Witten. Zwei Wittener Studenten arbeiten bei der Corona-Hotline des Gesundheitsamtes. Dafür brauchen sie Wissen – und viel Einfühlungsvermögen.

Zuhause warten Prüfungsvorbereitungen und eine Masterarbeit auf sie, aber in Corona-Krisenzeiten wollen Kristof Szekely (25) und Lanre Aranmolate (27) noch mehr leisten: Die beiden Studenten der Universität Witten/Herdecke arbeiten seit vier Wochen täglich im Gesundheitsamt des Ennepe-Ruhr-Kreises und beraten Bürger in Corona-Fragen. Dabei haben sie schnell festgestellt: Neben fachlicher Kompetenz ist bei den Gesprächen vor allem Einfühlungsvermögen gefragt.
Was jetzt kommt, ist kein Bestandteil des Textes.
Lemma divr_sqrtn_le {R : realType} (K e : R) : 0 < e ->
  exists N0 : nat, forall N : nat, (N0 <= N)%N -> K / Num.sqrt N%:R <= e.
Proof.
move=> e_gt0; exists (Num.truncn ((K / e) ^+ 2)).+1 => N N_large.
have N_gt0 : 0 < N%:R :> R by rewrite ltr0n (leq_ltn_trans (leq0n _) N_large).
have Ke_lt : (K / e) ^+ 2 < N%:R by rewrite -truncn_lt_nat ?sqr_ge0.
have Ke_lt_sqrt : K / e < Num.sqrt N%:R.
  by apply: le_lt_trans (ler_norm _) _; rewrite -sqrtr_sqr ltr_sqrt.
rewrite ler_pdivrMr ?sqrtr_gt0 // mulrC -ler_pdivrMr //; exact: ltW.
Qed.

Section Chain.
Variables (R : realType) (T : finType) (P : T -> T -> R) (mu : T -> R).
Hypotheses (P_stoch : stochastic P) (mu_dist : is_distribution mu).

Lemma dist_ge0 t s : 0 <= dist P mu t s.
Proof.
case: P_stoch mu_dist => P_ge0 _ [mu_ge0 _]; elim: t s => [|t IH] s //=.
by apply: sumr_ge0 => s' _; apply: mulr_ge0.
Qed.

Lemma sum_dist t : \sum_s dist P mu t s = 1.
Proof.
case: P_stoch mu_dist => _ P_sum1 [_ mu_sum1]; elim: t => [|t IH] //=.
rewrite exchange_big /= -[RHS]IH; apply: eq_bigr => s _.
by rewrite -mulr_sumr P_sum1 mulr1.
Qed.

Lemma reachable_succ s s' :
  reachable P mu s -> 0 < P s s' -> reachable P mu s'.
Proof.
move=> [t dist_gt0] P_gt0; exists t.+1 => /=.
rewrite (bigD1 s) //=; apply: ltr_wpDr; last exact: mulr_gt0.
by apply: sumr_ge0 => i _; apply: mulr_ge0; [exact: dist_ge0 | case: P_stoch].
Qed.

Lemma ler_sum_dist t (f g : T -> R) :
  (forall s, reachable P mu s -> f s <= g s) ->
  \sum_s dist P mu t s * f s <= \sum_s dist P mu t s * g s.
Proof.
by move=> fg; apply: ler_wsum => [s|s dist_gt0]; [exact: dist_ge0 | apply: fg; exists t].
Qed.

Lemma sum_dist_succ t (f : T -> R) :
  \sum_s dist P mu t.+1 s * f s = \sum_s dist P mu t s * cond_exp P s f.
Proof.
under eq_bigr do rewrite /= mulr_suml.
rewrite exchange_big /=; apply: eq_bigr => s _; rewrite /cond_exp mulr_sumr.
by apply: eq_bigr => s' _; rewrite mulrA.
Qed.
(* Every alternating $2$-regular partition $\lambda$ is obtained from the empty partition by a finite sequence of operations, each of which sends an alternating partition $\mu$ to an alternating partition and is of one of the following two types: (1) (widening) $\mu\mapsto \tilde f_\epsilon^{\,b(\mu)}\mu$ for some $\epsilon\in\{0,1\}$, where $b(\mu)$ is the number of nonzero parts of $\mu$; (2) (deepening) $\mu\mapsto s_\epsilon\mu$ for some $\epsilon\in\{0,1\}$, the action of the simple reflection $s_\epsilon$ on the crystal $B(\Lambda_0)$.
   Context: Setting (level one, $e=2$): $B(\Lambda_0)$ is the crystal of the basic representation of affine $A^{(1)}_1$ (simple roots $\alpha_0,\alpha_1$, coroots $h_0,h_1$), whose elements are labelled by $2$-regular (strict) partitions via the Misra–Miwa/Kleshchev realization, node $(x,y)$ (row $x$, column $y$) having residue $(y-x)\bmod 2$, with Kashiwara operators $\tilde e_i,\tilde f_i$. A $2$-regular partition is \emph{alternating} if the parities of consecutive nonzero parts alternate. The simple reflection acts on a crystal by $s_i b=\tilde f_i^{\,k}b$ if $k=\langle \mathrm{wt}(b),h_i\rangle\ge0$ and $s_ib=\tilde e_i^{\,-k}b$ if $k<0$. *)

(* Level-one crystal B(Lambda_0) of affine A_1^(1) (e = 2)
   realized on 2-regular (= strict) partitions, Misra--Miwa/Kleshchev style. *)
From HB Require Import structures.
From mathcomp Require Import all_boot all_order all_algebra.
Set Implicit Arguments. Unset Strict Implicit. Unset Printing Implicit Defensive.
Import Order.TTheory GRing.Theory Num.Theory.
Ich fühle mich krank – kann ich einen Abstrich bekommen? Ich war in Holland – muss ich jetzt in Quarantäne? Ich habe eine Physiotherapie-Praxis – wie komme ich an Schutzmaterial? Ich bin Risikopatient – wie kann ich mich schützen? Fragen wie diese hören Aranmolate und Szekely zigmal am Tag. Wenn sie um 7.30 Uhr ihre Schicht im Gesundheitsamt beginnen, blinkt der Anrufbeantworter meist schon.

Experten für die Richtlinien des Robert-Koch-Instituts

Schnell sind die beiden Experten geworden, was die Richtlinien des Robert-Koch-Instituts (RKI) betrifft. „Es gibt klare Vorgaben, nach denen wir entscheiden können, ob zum Beispiel ein Abstrich genommen werden muss oder eine Quarantäne nötig ist“, sagt Aranmolate, der im vierten Mastersemester Psychologie studiert. In solchen Fällen erklären sie den Anrufern, was auf sie zukommt und nehmen ihre Daten zur weiteren Bearbeitung ins System auf.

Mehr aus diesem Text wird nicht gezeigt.